List of regions in the World Bank’s LMIC grouping

East Asia and Pacific, Europe and Central Asia, Latin America and Caribbean, Middle East and North Africa, South Asia, and Sub-Saharan Africa.

In the last decade, these low- and middle-income countries (LMIC) accounted for 75% of global remittance inflows. The World Bank estimates the total official remittance to LMICs in 2024 to be $685 billion, a 5.8% growth over 2023.

LemFi’s methodical growth in markets, funding and licensing

LemFi, founded by an African and a European in 2020, has pursued an aggressive strategy to build its send-and-receive remittance network. The startup which now has over a million users started with Canada, as its first send market, where it secured the readily obtainable MSB licence while Nigeria, a top 10 recipient of global remittance, was its first receiver market.

In 2021, the company announced a pre-seed of $725,000. At the time, it had the UK on its list of prospective send markets and Ghana, as a receive market.

According to Crunchbase data, LemFi raised a seed in July 2022. Before the end of that year, it acquired a UK e-money issuer, RightCard Payment Services Limited for $2.5 million. The licence allowed it to partner with ClearBank, a UK and recently-licensed European bank. The LemFi and ClearBank partnership allowed the former to issue accounts to UK customers and hold funds on LemFi’s app.

In February 2023, LemFi added seven new receive markets in Africa to its remittance network: Senegal, Ivory Coast, Benin Republic, Cameroon, Tanzania, Rwanda, and Uganda. In June 2023, it added Kenya to its receive market. Thus, when you add Nigeria and Ghana, LemFi reached 10 destination markets. In July 2023, LemFi secured its IMTO licence for inbound remittance to Nigeria.

In August 2023, it announced its expansion to the US, a key sender market, and a $33 million Series A round.
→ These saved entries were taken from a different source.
Definition is_Cright (d n : nat) (Cr : seq (seq nat)) : Prop :=
  is_maxchain d n Cr /\
  forall C, is_maxchain d n C -> lexle (chain_string Cr) (chain_string C).

Definition admissible (d n s h : nat) : bool :=
  [&& 0 < h, h <= d, h <= s & s < n - d + h].

(* Root operator f_{s,h} on I(d,n); None stands for 0.  Positions are
   1-based: i_h = nth 0 i h.-1. *)
Definition rootop (d s h : nat) (i : seq nat) : option (seq nat) :=
  if (nth 0 i h.-1 == s) && ((h == d) || (s.+2 <= nth 0 i h))
  then Some (set_nth 0 i h.-1 s.+1) else None.

Definition Fop (d n t : nat) (C : seq (seq nat)) : option (seq (seq nat)) :=
  let a := nth [::] C t.-1 in
  let c := nth [::] C t in
  let b := nth [::] C t.+1 in
  let J := [seq x <- Idn d n | leI a x && leI x b] in
  if [&& size J == 4, a \in J, c \in J & b \in J] then
    match [seq x <- J | x \notin [:: a; c; b]] with
    | [:: c'] => if lexlt c c' then Some (set_nth [::] C t c') else None
    | _ => None
    end
  else None.

(* F_{t_1} F_{t_2} ... F_{t_k} (C), with F(0) = 0 (F_{t_k} applied first). *)
Definition Fseq (d n : nat) (ts : seq nat) (C : seq (seq nat)) :
  option (seq (seq nat)) :=
  foldr (fun t oC => obind (Fop d n t) oC) (Some C) ts.

Definition stransp (t x : nat) : nat :=
  if x == t then t.+1 else if x == t.+1 then t else x.

(* The permutation s_{t_k} s_{t_{k-1}} ... s_{t_1} (functional composition,
   s_{t_1} applied first) for ts = [:: t_1; ...; t_k]. *)
Definition sprod (ts : seq nat) (x : nat) : nat :=
  foldl (fun y t => stransp t y) x ts.

From mathcomp Require Import all_boot zify.
Set Implicit Arguments. Unset Strict Implicit.

(* Along C_right the entries are pushed to their maxima from the right: first
   i_d up to n, then i_(d-1) up to n-1, and so on.  Hence the position h of the
   root operator f_(s,h) never increases along C_right, and C_right is the
   lexicographically smallest maximal chain because every step keeps the
   left-most entries as small as possible.  A nonzero F_t replaces a diamond
   a < c < b by a < c' < b with the two root operators exchanged, and
   c' >_lex c forces the operator that moves down to have the smaller h.
   By induction, step t of F_(t_1) ... F_(t_k)(C_right) is performed by the
   operator of step sigma(t) of C_right, where sigma = s_(t_k) ... s_(t_1), and
   each F_(t_i) exchanges two values with sigma(t_i) < sigma(t_i + 1), i.e. adds
   one inversion.  So sigma has k inversions, while a product of m simple
   transpositions has at most m; the word is therefore reduced. *)

Lemma leIP a b :
  reflect (size a = size b /\ forall i, nth 0 a i <= nth 0 b i) (leI a b).
Proof.
apply: (iffP idP) => [|[]].
  elim: a b => [|x a IH] [|y b] //= /andP [le_xy /IH [eq_ab le_ab]].
  by split=> [|[|i]] //=; rewrite eq_ab.
elim: a b => [|x a IH] [|y b] //= /eqP; rewrite eqSS => /eqP eq_ab le_ab.
by rewrite (le_ab 0) IH // => i; apply: (le_ab i.+1).
Qed.

Lemma leI_refl : reflexive leI.
Proof. by move=> a; apply/leIP. Qed.

Lemma leI_trans : transitive leI.
Proof.
move=> b a c /leIP [eq_ab le_ab] /leIP [eq_bc le_bc].
by apply/leIP; split=> [|i]; [rewrite eq_ab | apply: leq_trans (le_ab i) (le_bc i)].
Qed.

Lemma leI_anti a b : leI a b -> leI b a -> a = b.
Proof.
move=> /leIP [eq_ab le_ab] /leIP [_ le_ba]; apply: (eq_from_nth (x0 := 0)) => // i _.
by apply/eqP; rewrite eqn_leq le_ab le_ba.
Qed.

Lemma ltI_trans : transitive ltI.
Proof.
move=> b a c /andP [le_ab ne_ab] /andP [le_bc ne_bc].
rewrite /ltI (leI_trans le_ab le_bc); apply: contraNN ne_ab => /eqP eq_ac.
by rewrite eq_ac in le_ab *; rewrite (leI_anti le_bc le_ab).
Qed.

Lemma inIP d n x :
  reflect [/\ size x = d, forall p, p.+1 < d -> nth 0 x p < nth 0 x p.+1
            & forall p, p < d -> 0 < nth 0 x p <= n] (inI d n x).
Proof.
apply: (iffP and3P) => [[/eqP sx /(sortedP 0) lt_x /(all_nthP 0) rng_x]|[sx lt_x rng_x]].
  by split=> // p lt_p; [apply: lt_x | apply: rng_x]; rewrite sx.
by split; [apply/eqP | apply/(sortedP 0) | apply/(all_nthP 0)] => // p;
  rewrite sx; [apply: lt_x | apply: rng_x].
Qed.

Lemma inI_size d n x : inI d n x -> size x = d.
Proof. by case/inIP. Qed.

Lemma inI_gap d n x p q :
  inI d n x -> p <= q -> q < d -> nth 0 x p + (q - p) <= nth 0 x q.
Proof.
case/inIP=> _ lt_x _; elim: q => [|q IH]; first by rewrite leqn0 => /eqP ->; rewrite addn0.
rewrite leq_eqVlt => /orP [/eqP <-|le_pq lt_qd]; first by rewrite subnn addn0.
by have := IH le_pq (ltnW lt_qd); have := lt_x q lt_qd; lia.
Qed.

Lemma inI_nth_gt d n x p : inI d n x -> p < d -> p < nth 0 x p.
Proof.
move=> Ix lt_pd; have := inI_gap Ix (leq0n p) lt_pd.
by case/inIP: Ix => _ _ /(_ 0 (leq_ltn_trans (leq0n p) lt_pd)); lia.
Qed.

Lemma inI_nth_le d n x p : inI d n x -> p < d -> nth 0 x p + (d - p.+1) <= n.
Proof.
move=> Ix lt_pd; have lt_last : d.-1 < d by lia.
have := inI_gap Ix (_ : p <= d.-1) lt_last.
by case/inIP: Ix => _ _ /(_ _ lt_last); lia.
Qed.

Lemma size_incr_nth_max a i : size (incr_nth a i) = maxn i.+1 (size a).
Proof. by rewrite size_incr_nth; case: ltnP => ?; lia. Qed.

Lemma set_nth_succ a i : set_nth 0 a i (nth 0 a i).+1 = incr_nth a i.
Proof.
apply: (eq_from_nth (x0 := 0)) => [|j _].
  by rewrite size_set_nth size_incr_nth_max.
rewrite nth_set_nth nth_incr_nth /=.
by case: (eqVneq j i) => [->|ne_ji]; rewrite ?eqxx // eq_sym (negbTE ne_ji).
Qed.

Lemma ltI_incr_nth a i : i < size a -> ltI a (incr_nth a i).
Proof.
move=> lt_ia; apply/andP; split.
  by apply/leIP; split=> [|j]; rewrite ?size_incr_nth ?lt_ia ?nth_incr_nth ?leq_addl.
by apply/eqP => /(congr1 (nth 0 ^~ i)) /=; rewrite nth_incr_nth eqxx; lia.
Qed.

Lemma interval_incr_nth a i x :
  leI a x -> leI x (incr_nth a i) -> x = a \/ x = incr_nth a i.
Proof.
move=> /leIP [s_ax le_ax] /leIP [s_xb le_xb].
have [eq_xi|ne_xi] := eqVneq (nth 0 x i) (nth 0 a i); [left | right];
  apply: (eq_from_nth (x0 := 0)) => // j _;
  have := le_ax j; have := le_xb j; rewrite nth_incr_nth;
  case: eqVneq => [<-|]; lia.
Qed.

Lemma interval_incr_nth2 a p q x : leI a x -> leI x (incr_nth (incr_nth a p) q) ->
  x \in [:: a; incr_nth a p; incr_nth a q; incr_nth (incr_nth a p) q].
Proof.
move=> le_ax le_xb; have /leIP [s_ax le_ax_nth] := le_ax; have /leIP [s_xb le_xb_nth] := le_xb.
have [lt_p|le_p] := ltnP (nth 0 a p) (nth 0 x p).
  have le_pax : leI (incr_nth a p) x.
    apply/leIP; split=> [|j]; first by move: s_xb; rewrite !size_incr_nth_max; lia.
    by rewrite nth_incr_nth; have := le_ax_nth j; case: eqVneq => [<-|]; lia.
  by case: (interval_incr_nth le_pax le_xb) => ->; rewrite !inE eqxx ?orbT.
have le_xqa : leI x (incr_nth a q).
  apply/leIP; split=> [|j]; first by move: s_xb; rewrite !size_incr_nth_max; lia.
  have := le_xb_nth j; rewrite !nth_incr_nth; case: (eqVneq p j) => [<-|]; lia.
by case: (interval_incr_nth le_ax le_xqa) => ->; rewrite !inE eqxx ?orbT.
Qed.

Lemma rootopE d s h a :
  rootop d s h a =
  if (nth 0 a h.-1 == s) && ((h == d) || (s.+2 <= nth 0 a h))
  then Some (incr_nth a h.-1) else None.
Proof. by rewrite /rootop -set_nth_succ; case: ifP => // /andP [/eqP ->]. Qed.

Lemma rootop_Some d s h a b :
  rootop d s h a = Some b -> b = incr_nth a h.-1 /\ nth 0 a h.-1 = s.
Proof. by rewrite rootopE; case: ifP => // /andP [/eqP -> _] [<-]. Qed.

Lemma rootop_inI d n s h a : 0 < h <= d -> nth 0 a h.-1 = s ->
  inI d n (incr_nth a h.-1) -> rootop d s h a = Some (incr_nth a h.-1).
Proof.
move=> /andP [h_gt0 le_hd] a_h /inIP [_ lt_b _]; rewrite rootopE a_h eqxx /=.
have [//|ne_hd] := eqVneq h d; have lt_hd : h < d by lia.
suff -> : s.+1 < nth 0 a h by [].
have := lt_b h.-1; rewrite prednK // !nth_incr_nth eqxx a_h => /(_ lt_hd).
by case: eqVneq => [|_] /=; lia.
Qed.

Lemma lexle_refl : reflexive lexle.
Proof. by elim=> //= x s ->; rewrite eqxx orbT. Qed.

Lemma lexle_anti s t : lexle s t -> lexle t s -> s = t.
Proof.
elim: s t => [|x s IH] [|y t] //=.
case/orP=> [lt_xy|/andP [/eqP eq_xy le_st]] /orP [lt_yx|/andP [/eqP eq_yx le_ts]]; try lia.
by rewrite eq_xy (IH t).
Qed.

Lemma lexle_catl a u v : lexle (a ++ u) (a ++ v) = lexle u v.
Proof. by elim: a => //= x a ->; rewrite ltnn eqxx. Qed.

Lemma lexle_nth i s t : (forall p, p < i -> nth 0 s p = nth 0 t p) ->
  nth 0 s i < nth 0 t i -> lexle s t.
Proof.
elim: i s t => [|i IH] [|x s] [|y t] //= eq_st lt_i; first by rewrite lt_i.
have /= -> := eq_st 0 isT; rewrite ltnn eqxx /=.
by apply: IH => // p lt_p; apply: (eq_st p.+1).
Qed.

Lemma lexle_incr_nth a p q : lexle (incr_nth a p) (incr_nth a q) -> p != q -> q < p.
Proof.
move=> le_pq ne_pq; have [lt_pq|//|eq_pq] := ltngtP p q; last by rewrite eq_pq eqxx in ne_pq.
case/eqP: ne_pq; apply: (@incr_nth_inj a).
apply: lexle_anti le_pq (lexle_nth (i := p) _ _) => [i lt_ip|].
  by rewrite !nth_incr_nth (gtn_eqF lt_ip) (gtn_eqF (ltn_trans lt_ip lt_pq)).
by rewrite !nth_incr_nth eqxx (gtn_eqF lt_pq).
Qed.

Lemma flatten_inj_sized (T : Type) k (s t : seq (seq T)) : 0 < k ->
  all (fun x => size x == k) s -> all (fun x => size x == k) t ->
  flatten s = flatten t -> s = t.
Proof.
have shapeE u : all (fun x => size x == k) u -> shape u = nseq (size u) k.
  by move=> u_k; rewrite -(size_map size u); apply/all_pred1P; rewrite all_map.
move=> k_gt0 /shapeE sh_s /shapeE sh_t eq_st.
have eq_size : size s = size t.
  by apply/eqP; rewrite -(eqn_pmul2l k_gt0) -!sumn_nseq -sh_s -sh_t -!size_flatten eq_st.
by rewrite -[s]flattenK -[t]flattenK sh_s sh_t eq_size eq_st.
Qed.

Lemma Fop_Some d n t C C' : Fop d n t C = Some C' ->
  exists c', [/\ C' = set_nth [::] C t c', inI d n c',
    leI (nth [::] C t.-1) c' && leI c' (nth [::] C t.+1),
    c' \notin [:: nth [::] C t.-1; nth [::] C t; nth [::] C t.+1] & lexle (nth [::] C t) c'].
Proof.
rewrite /Fop; case: ifP => // _.
case E: (filter _ _) => [|c' [|]] //; case: ifP => // /andP [lex_c _] [<-].
have : c' \in c' :: [::] by rewrite mem_head.
rewrite -E !mem_filter => /andP [nin /andP [le_abc /andP [Ic' _]]].
by exists c'.
Qed.

Lemma Fop_swap d n t C C' s1 h1 s2 h2 : 0 < h1 <= d -> 0 < h2 <= d ->
  inI d n (nth [::] C t.+1) ->
  rootop d s1 h1 (nth [::] C t.-1) = Some (nth [::] C t) ->
  rootop d s2 h2 (nth [::] C t) = Some (nth [::] C t.+1) ->
  Fop d n t C = Some C' ->
  h2 < h1 /\ exists c', [/\ C' = set_nth [::] C t c', inI d n c',
    rootop d s2 h2 (nth [::] C t.-1) = Some c' & rootop d s1 h1 c' = Some (nth [::] C t.+1)].
Proof.
move=> h1_rng h2_rng Ib R1 R2 /Fop_Some [c' [-> Ic' /andP [le_ac le_cb] nin lex_cc]].
(* The interval [a, b] is {a, c, incr_nth a q, b}, so c' = incr_nth a q. *)
set a := nth [::] C t.-1 in R1 le_ac nin *.
have [c_def a_p] := rootop_Some R1; have [b_def c_q] := rootop_Some R2.
rewrite b_def c_def in Ib le_cb nin lex_cc *; rewrite c_def in c_q.
set p := h1.-1 in a_p c_def b_def Ib le_cb nin lex_cc c_q *.
set q := h2.-1 in c_q b_def Ib le_cb nin *.
move: Ic' nin lex_cc; have := interval_incr_nth2 le_ac le_cb; rewrite !inE.
case/or4P=> /eqP ->; rewrite ?eqxx ?orbT // => Iaq nin lex_pq.
have ne_pq : p != q by apply: contraNneq nin => ->; rewrite eqxx orbT.
have lt_qp := lexle_incr_nth lex_pq ne_pq.
split; first by move: lt_qp; rewrite /p /q; lia.
exists (incr_nth a q); split=> //.
  by apply: (rootop_inI h2_rng _ Iaq); rewrite -c_q nth_incr_nth (negbTE ne_pq).
rewrite [incr_nth (incr_nth a p) q]incr_nthC in Ib *.
by apply: (rootop_inI h1_rng _ Ib); rewrite nth_incr_nth eq_sym (negbTE ne_pq).
Qed.

Section MaximalChains.
Variables d n : nat.
Variable M : seq (seq nat).
Hypothesis maxM : is_maxchain d n M.

Lemma maxchain_inI i : i < size M -> inI d n (nth [::] M i).
Proof. by case: maxM => allM _ _; apply: (all_nthP [::] allM). Qed.

Lemma maxchain_ltI i j : i < j -> j < size M -> ltI (nth [::] M i) (nth [::] M j).
Proof.
case: maxM => _ sortM _ lt_ij lt_jM.
by apply: (sorted_ltn_nth ltI_trans [::] sortM); rewrite ?inE // (ltn_trans lt_ij).
Qed.

Lemma maxchain_leI i j : i <= j -> j < size M -> leI (nth [::] M i) (nth [::] M j).
Proof.
rewrite leq_eqVlt => /orP [/eqP ->|lt_ij] lt_jM; first exact: leI_refl.
by case/andP: (maxchain_ltI lt_ij lt_jM).
Qed.

Lemma maxchain_mem x : inI d n x ->
  (forall i, i < size M -> leI x (nth [::] M i) || leI (nth [::] M i) x) ->
  exists2 i, i < size M & nth [::] M i = x.
Proof.
case: maxM => _ _ maximal Ix cmp_x.
have /maximal xM : forall y, y \in M -> leI x y || leI y x.
  by move=> y yM; rewrite -(nth_index [::] yM) cmp_x ?index_mem.
by exists (index x M); rewrite ?index_mem ?nth_index ?xM.
Qed.

Lemma maxchain_between i x : 0 < i < size M -> inI d n x ->
  leI (nth [::] M i.-1) x -> leI x (nth [::] M i) -> x = nth [::] M i.-1 \/ x = nth [::] M i.
Proof.
case/andP=> i_gt0 lt_iM Ix le_x le_x'.
have [k lt_kM Mk] : exists2 k, k < size M & nth [::] M k = x.
  apply: maxchain_mem => // k lt_kM; case: (ltnP k i) => [lt_ki|le_ik].
    by rewrite (leI_trans (maxchain_leI _ _) le_x) ?orbT //; lia.
  by rewrite (leI_trans le_x' (maxchain_leI le_ik lt_kM)).
subst x; case: (ltnP k i) => [lt_ki|le_ik]; [left | right]; apply: leI_anti => //.
- by apply: maxchain_leI; lia.
- exact: maxchain_leI.
Qed.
Launching in the US is a big milestone for remittance companies. The same UN report on World Migration shows that over the last three decades, the US has retained its spot as the number one country for migrants. As of 2020, immigrants in the US represented 13% of the country’s total population. So, by default, the US is a key send market of remittance. For instance, the US accounts for over 20% of remittances to Nigeria, making it the country’s biggest remittance source.
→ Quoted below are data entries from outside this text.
(* Let $t$ be a normal $\lambda$-term, $v$ a $\lambda$-term, and $\alpha,x$ variables with $x\in Fv(t)$, and let $x_1,\dots,x_n$ ($n\ge 0$) be variables distinct from $\alpha$. If $t[\lambda x_1\dots\lambda x_n\alpha/x]\rightarrow_\beta v$, then $\alpha\in Fv(v)$.
   Context: $\lambda$-terms are those of the untyped $\lambda$-calculus; $Fv(t)$ is the set of free variables of $t$; $t[u/x]$ is capture-avoiding substitution; $\rightarrow_\beta$ denotes $\beta$-reduction in zero or more steps; a term is normal if it contains no $\beta$-redex. *)

From Stdlib Require Import Arith.

Inductive term : Type :=
| Var : nat -> term
| App : term -> term -> term
| Lam : term -> term.

Fixpoint lift (d c : nat) (t : term) : term :=
  match t with
  | Var k => if c <=? k then Var (k + d) else Var k
  | App a b => App (lift d c a) (lift d c b)
  | Lam b => Lam (lift d (S c) b)
  end.

Fixpoint bsubst (u : term) (k : nat) (t : term) : term :=
  match t with
  | Var m => if m =? k then lift k 0 u
             else if k <? m then Var (pred m) else Var m
  | App a b => App (bsubst u k a) (bsubst u k b)
  | Lam b => Lam (bsubst u (S k) b)
  end.

(* capture-avoiding substitution t[u/x] of the free variable x by u,
   all other free variables keep their identity (named-style substitution) *)
Fixpoint fsubst_at (d : nat) (u : term) (x : nat) (t : term) : term :=
  match t with
  | Var m => if m =? x + d then lift d 0 u else Var m
  | App a b => App (fsubst_at d u x a) (fsubst_at d u x b)
  | Lam b => Lam (fsubst_at (S d) u x b)
  end.

Definition fsubst (u : term) (x : nat) (t : term) : term := fsubst_at 0 u x t.

Fixpoint free_in (x : nat) (t : term) : Prop :=
  match t with
  | Var m => m = x
  | App a b => free_in x a \/ free_in x b
  | Lam b => free_in (S x) b
  end.

Inductive beta : term -> term -> Prop :=
| beta_redex : forall b u, beta (App (Lam b) u) (bsubst u 0 b)
| beta_appl : forall a a' b, beta a a' -> beta (App a b) (App a' b)
| beta_appr : forall a b b', beta b b' -> beta (App a b) (App a b')
| beta_lam : forall b b', beta b b' -> beta (Lam b) (Lam b').

Inductive beta_star : term -> term -> Prop :=
| beta_refl : forall t, beta_star t t
| beta_step : forall t u v, beta t u -> beta_star u v -> beta_star t v.

Fixpoint normal (t : term) : Prop :=
  match t with
  | Var _ => True
  | Lam b => normal b
  | App a b => normal a /\ normal b /\ (match a with Lam _ => False | _ => True end)
  end.

Fixpoint lams (n : nat) (t : term) : term :=
  match n with
  | 0 => t
  | S n' => Lam (lams n' t)
  end.

(* After the substitution every redex has the shape (λy_1…λy_m. α) u: the only
   abstractions in head position are the substituted selectors, because t is
   normal.  Such a redex contracts to λy_2…λy_m. α, again a selector, so this
   shape is stable under β-reduction, and contracting a selector redex never
   erases α.  Hence α stays free along every reduction sequence. *)
From Stdlib Require Import Arith Lia.

Lemma lams_var_irreducible {m k : nat} {t : term} :
  beta (lams m (Var k)) t -> False.
Proof.
  revert t; induction m as [|m IH]; intros t H; inversion H; subst; eauto.
Qed.

Lemma bsubst_lams_var (j k v : nat) (u : term) : k + j < v ->
  bsubst u k (lams j (Var v)) = lams j (Var (pred v)).
Proof.
  revert k v; induction j as [|j IH]; intros k v Hv; simpl.
  - destruct (Nat.eqb_spec v k); [lia|].
    destruct (Nat.ltb_spec k v); [reflexivity|lia].
  - rewrite IH by lia; reflexivity.
Qed.

Lemma lift_lams_var (j d c v : nat) : c + j <= v ->
  lift d c (lams j (Var v)) = lams j (Var (v + d)).
Proof.
  revert c v; induction j as [|j IH]; intros c v Hv; simpl.
  - destruct (Nat.leb_spec c v); [reflexivity|lia].
  - rewrite IH by lia; reflexivity.
Qed.

Lemma free_in_lams_var (j k : nat) : free_in k (lams j (Var (k + j))).
Proof.
  revert k; induction j as [|j IH]; intro k; simpl.
  - lia.
  - rewrite <- Nat.add_succ_comm; apply IH.
Qed.

Section Selectors.
Variable alpha : nat.

(* Under [d] binders the variable α is [alpha + d]; the selector
   λy_1…λy_m. α is then [lams m (Var (alpha + d + m))].  [spine d t]: t is
   an application whose head is a variable or a selector; [shaped d t]:
   t is a spine under abstractions. *)
Inductive spine : nat -> term -> Prop :=
| spine_var : forall d k, spine d (Var k)
| spine_selector : forall d m, spine d (lams m (Var (alpha + d + m)))
| spine_app : forall d a b, spine d a -> shaped d b -> spine d (App a b)
with shaped : nat -> term -> Prop :=
| shaped_lam : forall d b, shaped (S d) b -> shaped d (Lam b)
| shaped_spine : forall d t, spine d t -> shaped d t.

Lemma spine_lam_selector {d : nat} {b : term} : spine d (Lam b) ->
  exists m, b = lams m (Var (alpha + d + S m)).
Proof.
  intro H; inversion H as [|d' [|m]|]; subst; try discriminate; eauto.
Qed.

Lemma spine_lam_irreducible {d : nat} {b b' : term} :
  spine d (Lam b) -> beta b b' -> False.
Proof.
  intros Hs Hb; destruct (spine_lam_selector Hs) as [m ->].
  exact (lams_var_irreducible Hb).
Qed.

Lemma spine_app_inv (d : nat) (a b : term) : spine d (App a b) ->
  spine d a /\ shaped d b.
Proof.
  intro H; inversion H as [|d' [|m]|]; subst; try discriminate; auto.
Qed.

Lemma bsubst_selector (d m : nat) (u : term) :
  bsubst u 0 (lams m (Var (alpha + d + S m))) = lams m (Var (alpha + d + m)).
Proof.
  rewrite bsubst_lams_var by lia; f_equal; f_equal; lia.
Qed.

Lemma beta_spine_shaped {t t' : term} : beta t t' -> forall d,
  (spine d t -> spine d t') /\ (shaped d t -> shaped d t').
Proof.
  induction 1 as [b u|a a' b _ IH|a b b' _ IH|b b' Hb IH]; intro d.
  all: match goal with |- (spine _ ?s -> spine _ ?s') /\ _ =>
         enough (Hsp : spine d s -> spine d s') end.
  all: try (split; [exact Hsp|]; intro G; inversion G; subst; auto using shaped_spine).
  all: try (intro Hs; apply spine_app_inv in Hs as [Ha Hb']).
  - destruct (spine_lam_selector Ha) as [m ->].
    rewrite bsubst_selector; apply spine_selector.
  - apply spine_app; auto; apply (IH d); auto.
  - apply spine_app; auto; apply (IH d); auto.
  - apply shaped_lam, (IH (S d)); auto.
  - intro Hs; destruct (spine_lam_irreducible Hs Hb).
Qed.

Lemma beta_shaped {t t' : term} {d : nat} :
  beta t t' -> shaped d t -> shaped d t'.
Proof. intro H; apply (beta_spine_shaped H d). Qed.

Lemma beta_shaped_free {t t' : term} : beta t t' -> forall d,
  shaped d t -> free_in (alpha + d) t -> free_in (alpha + d) t'.
Proof.
  induction 1 as [b u|a a' b Ha IH|a b b' _ IH|b b' Hb IH]; intros d G F.
  all: inversion G as [|d' s Hs]; subst.
  all: try (apply spine_app_inv in Hs as [Hl Hr]).
  - destruct (spine_lam_selector Hl) as [m ->].
    rewrite bsubst_selector; apply free_in_lams_var.
  - destruct F; [left; apply IH|right]; auto using shaped_spine.
  - destruct F; [left|right; apply IH]; auto.
  - simpl in *; rewrite <- Nat.add_succ_r in *; auto.
  - destruct (spine_lam_irreducible Hs Hb).
Qed.

Lemma beta_star_shaped_free {t v : term} {d : nat} :
  beta_star t v -> shaped d t -> free_in (alpha + d) t -> free_in (alpha + d) v.
Proof.
  induction 1 as [|t u v Htu _ IH]; intros G F; auto.
  apply IH; [exact (beta_shaped Htu G)|exact (beta_shaped_free Htu _ G F)].
Qed.

Section Substitution.
Variables n x : nat.

Let sel := lams n (Var (alpha + n)).

Lemma lift_selector (d : nat) : lift d 0 sel = lams n (Var (alpha + d + n)).
Proof. unfold sel; rewrite lift_lams_var by lia; f_equal; f_equal; lia. Qed.

Lemma normal_fsubst_shaped (t : term) : normal t -> forall d,
  shaped d (fsubst_at d sel x t) /\
  (match t with Lam _ => False | _ => True end -> spine d (fsubst_at d sel x t)).
Proof.
  induction t as [k|t1 IH1 t2 IH2|t IH]; simpl; intros N d.
  - assert (Hs : spine d (if k =? x + d then lift d 0 sel else Var k)).
    { destruct (k =? x + d); [rewrite lift_selector|]; constructor. }
    auto using shaped_spine.
  - destruct N as (N1 & N2 & N3).
    assert (Hs : spine d (App (fsubst_at d sel x t1) (fsubst_at d sel x t2))).
    { apply spine_app; [apply (IH1 N1 d)|apply (IH2 N2 d)]; auto. }
    auto using shaped_spine.
  - split; [apply shaped_lam, (IH N (S d))|tauto].
Qed.

Lemma free_in_fsubst_selector (t : term) (d : nat) : free_in (x + d) t ->
  free_in (alpha + d) (fsubst_at d sel x t).
Proof.
  revert d; induction t as [k|t1 IH1 t2 IH2|t IH]; simpl; intros d F.
  - subst; rewrite Nat.eqb_refl, lift_selector; apply free_in_lams_var.
  - destruct F; [left|right]; auto.
  - rewrite <- Nat.add_succ_r in *; auto.
Qed.

End Substitution.
End Selectors.

Theorem lemma2p1p2 (t v : term) (alpha x n : nat) :
  normal t -> free_in x t ->
  beta_star (fsubst (lams n (Var (alpha + n))) x t) v ->
  free_in alpha v.
Proof.
  intros N F B; rewrite <- (Nat.add_0_r alpha).
  apply (beta_star_shaped_free alpha B).
  - exact (proj1 (normal_fsubst_shaped alpha n x t N 0)).
  - apply free_in_fsubst_selector; rewrite Nat.add_0_r; exact F.
Qed.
In 2023, the company processed $2 billion in annual transaction volume, assuming a net take rate of 1% that’s a revenue of $20 million. The CEO, Ridwan O. Akangbe told TechCrunch that it is profitable and that three in five of its users are monthly actives.

More countries and products for LemFi

Beyond a focus on the African diaspora, LemFi is now executing a plan to win over the Asian diaspora.

“…we’ve realized that remittances across so many regions are more similar than people think,” said Ridwan. The problems that Africans face in terms of difficulty in sending money and compliance issues are very similar to what people from different emerging markets also face.”

With the US move, in place, the country has gone after India, China and Pakistan as destination markets. Those three countries are among the top five recipients of remittance everywhere in the world. India, for example, received an estimated $129 billion in 2024. That figure is six times more than Nigeria’s $19.8 billion.

To enter those foreign markets, the company hired key personnel from companies like Terrapay—the global payouts company, Foodpanda—a DeliveryHero subsidiary and OPay.

“The markets we serve will continue to need millions of immigrants yearly, so we want to be one of the first products introduced to the African, Indian, Chinese, or Pakistani communities,” remarked Philip Daniel, the company’s global expansion lead in a recent interview. “There are still ample opportunities for us to grow.”

One of those “products” is a card coming soon to its customers in the US, the UK and Canada.


Editor’s note, 8:10AM, Jan. 9, 2024: We removed some of the extra details from this story.